[Task brief]:
Write out exactly the lines from the start of the entries through the one that contains "Definition nphase x", including both.

Collected data entries

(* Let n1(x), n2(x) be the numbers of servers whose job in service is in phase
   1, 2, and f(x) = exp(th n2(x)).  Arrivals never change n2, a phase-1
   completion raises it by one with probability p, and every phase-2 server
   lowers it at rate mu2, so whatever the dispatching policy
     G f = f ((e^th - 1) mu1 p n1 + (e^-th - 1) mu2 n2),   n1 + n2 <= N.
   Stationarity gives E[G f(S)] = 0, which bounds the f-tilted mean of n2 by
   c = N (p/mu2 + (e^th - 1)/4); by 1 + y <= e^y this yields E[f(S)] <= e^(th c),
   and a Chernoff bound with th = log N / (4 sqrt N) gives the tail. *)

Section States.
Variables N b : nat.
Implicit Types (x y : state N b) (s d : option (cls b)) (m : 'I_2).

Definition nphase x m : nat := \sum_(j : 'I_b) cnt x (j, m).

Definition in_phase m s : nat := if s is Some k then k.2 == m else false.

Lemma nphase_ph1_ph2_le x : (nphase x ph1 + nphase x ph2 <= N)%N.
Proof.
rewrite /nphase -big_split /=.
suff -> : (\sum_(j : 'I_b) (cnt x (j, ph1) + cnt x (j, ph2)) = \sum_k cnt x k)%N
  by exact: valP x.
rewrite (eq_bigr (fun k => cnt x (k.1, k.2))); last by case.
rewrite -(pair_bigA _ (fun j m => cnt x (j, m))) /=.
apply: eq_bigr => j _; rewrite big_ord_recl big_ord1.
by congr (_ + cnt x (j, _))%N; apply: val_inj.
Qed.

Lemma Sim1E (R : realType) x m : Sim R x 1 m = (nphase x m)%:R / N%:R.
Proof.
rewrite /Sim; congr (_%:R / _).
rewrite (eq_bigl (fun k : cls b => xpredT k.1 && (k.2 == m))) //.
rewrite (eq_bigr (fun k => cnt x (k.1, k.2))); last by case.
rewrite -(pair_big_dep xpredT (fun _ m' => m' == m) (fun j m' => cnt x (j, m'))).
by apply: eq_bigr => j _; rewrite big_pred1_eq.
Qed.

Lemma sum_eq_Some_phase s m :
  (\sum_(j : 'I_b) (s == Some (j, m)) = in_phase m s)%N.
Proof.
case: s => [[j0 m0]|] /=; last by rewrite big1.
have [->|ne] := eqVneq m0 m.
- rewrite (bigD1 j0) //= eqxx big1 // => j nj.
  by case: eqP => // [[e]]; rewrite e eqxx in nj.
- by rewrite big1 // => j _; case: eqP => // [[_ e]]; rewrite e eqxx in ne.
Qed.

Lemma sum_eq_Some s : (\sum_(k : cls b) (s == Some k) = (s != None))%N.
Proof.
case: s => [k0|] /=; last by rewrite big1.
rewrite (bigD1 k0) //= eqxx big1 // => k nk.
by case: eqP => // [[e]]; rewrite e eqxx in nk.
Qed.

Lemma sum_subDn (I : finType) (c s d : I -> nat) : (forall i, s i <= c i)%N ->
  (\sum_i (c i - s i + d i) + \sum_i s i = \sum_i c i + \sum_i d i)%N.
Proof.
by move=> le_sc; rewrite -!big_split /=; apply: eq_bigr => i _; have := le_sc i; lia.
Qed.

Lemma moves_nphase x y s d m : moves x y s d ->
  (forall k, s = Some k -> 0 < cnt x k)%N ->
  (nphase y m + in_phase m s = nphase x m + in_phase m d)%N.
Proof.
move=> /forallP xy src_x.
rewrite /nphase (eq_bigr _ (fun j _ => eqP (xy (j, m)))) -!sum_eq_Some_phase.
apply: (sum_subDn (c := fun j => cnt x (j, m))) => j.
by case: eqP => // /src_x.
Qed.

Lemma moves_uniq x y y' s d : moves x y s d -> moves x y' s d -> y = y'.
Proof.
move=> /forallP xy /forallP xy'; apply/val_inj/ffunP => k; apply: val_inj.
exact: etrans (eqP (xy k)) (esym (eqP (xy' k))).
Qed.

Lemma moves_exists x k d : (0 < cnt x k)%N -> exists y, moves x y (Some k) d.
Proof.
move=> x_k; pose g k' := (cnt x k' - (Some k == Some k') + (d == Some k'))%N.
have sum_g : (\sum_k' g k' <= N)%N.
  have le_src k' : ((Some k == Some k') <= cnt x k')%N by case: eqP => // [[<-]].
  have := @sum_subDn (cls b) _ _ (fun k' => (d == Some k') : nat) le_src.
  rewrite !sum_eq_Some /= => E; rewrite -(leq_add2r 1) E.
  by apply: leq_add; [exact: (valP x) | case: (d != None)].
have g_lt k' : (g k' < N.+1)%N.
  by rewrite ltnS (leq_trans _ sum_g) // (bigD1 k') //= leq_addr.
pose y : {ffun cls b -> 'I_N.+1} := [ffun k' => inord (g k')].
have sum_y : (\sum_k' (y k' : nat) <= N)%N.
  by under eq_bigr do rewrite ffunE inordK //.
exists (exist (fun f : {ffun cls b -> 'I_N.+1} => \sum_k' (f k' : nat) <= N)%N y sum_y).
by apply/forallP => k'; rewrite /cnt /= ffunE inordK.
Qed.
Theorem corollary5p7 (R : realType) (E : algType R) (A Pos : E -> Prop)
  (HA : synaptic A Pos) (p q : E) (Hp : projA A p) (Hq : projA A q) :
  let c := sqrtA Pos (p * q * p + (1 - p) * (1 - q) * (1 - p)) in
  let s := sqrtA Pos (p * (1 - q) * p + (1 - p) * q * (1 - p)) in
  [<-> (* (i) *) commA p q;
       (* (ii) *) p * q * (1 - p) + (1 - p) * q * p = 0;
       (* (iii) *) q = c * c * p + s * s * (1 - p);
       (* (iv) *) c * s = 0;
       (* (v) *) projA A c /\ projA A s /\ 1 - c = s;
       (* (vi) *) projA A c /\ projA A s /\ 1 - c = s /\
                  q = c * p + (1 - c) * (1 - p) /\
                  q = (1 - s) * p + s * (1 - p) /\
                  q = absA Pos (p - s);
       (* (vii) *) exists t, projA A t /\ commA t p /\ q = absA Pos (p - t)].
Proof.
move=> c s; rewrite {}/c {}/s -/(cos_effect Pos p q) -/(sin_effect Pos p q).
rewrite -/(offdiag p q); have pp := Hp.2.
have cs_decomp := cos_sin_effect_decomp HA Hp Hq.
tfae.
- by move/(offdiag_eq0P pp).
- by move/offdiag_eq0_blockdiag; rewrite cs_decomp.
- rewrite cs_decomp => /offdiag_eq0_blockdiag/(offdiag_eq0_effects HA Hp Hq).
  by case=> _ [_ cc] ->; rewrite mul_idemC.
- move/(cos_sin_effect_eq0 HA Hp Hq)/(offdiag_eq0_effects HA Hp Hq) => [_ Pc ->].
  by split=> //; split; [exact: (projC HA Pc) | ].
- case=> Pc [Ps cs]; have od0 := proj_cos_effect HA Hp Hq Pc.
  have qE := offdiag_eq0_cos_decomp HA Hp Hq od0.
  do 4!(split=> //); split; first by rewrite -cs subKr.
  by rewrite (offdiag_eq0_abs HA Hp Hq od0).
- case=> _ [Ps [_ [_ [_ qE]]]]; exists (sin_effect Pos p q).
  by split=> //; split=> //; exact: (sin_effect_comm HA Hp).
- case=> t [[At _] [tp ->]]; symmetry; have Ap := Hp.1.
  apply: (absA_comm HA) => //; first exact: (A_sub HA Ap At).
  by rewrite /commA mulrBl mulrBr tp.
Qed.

[Problem solution]:
(* Let n1(x), n2(x) be the numbers of servers whose job in service is in phase
   1, 2, and f(x) = exp(th n2(x)).  Arrivals never change n2, a phase-1
   completion raises it by one with probability p, and every phase-2 server
   lowers it at rate mu2, so whatever the dispatching policy
     G f = f ((e^th - 1) mu1 p n1 + (e^-th - 1) mu2 n2),   n1 + n2 <= N.
   Stationarity gives E[G f(S)] = 0, which bounds the f-tilted mean of n2 by
   c = N (p/mu2 + (e^th - 1)/4); by 1 + y <= e^y this yields E[f(S)] <= e^(th c),
   and a Chernoff bound with th = log N / (4 sqrt N) gives the tail. *)

Section States.
Variables N b : nat.
Implicit Types (x y : state N b) (s d : option (cls b)) (m : 'I_2).

Definition nphase x m : nat := \sum_(j : 'I_b) cnt x (j, m).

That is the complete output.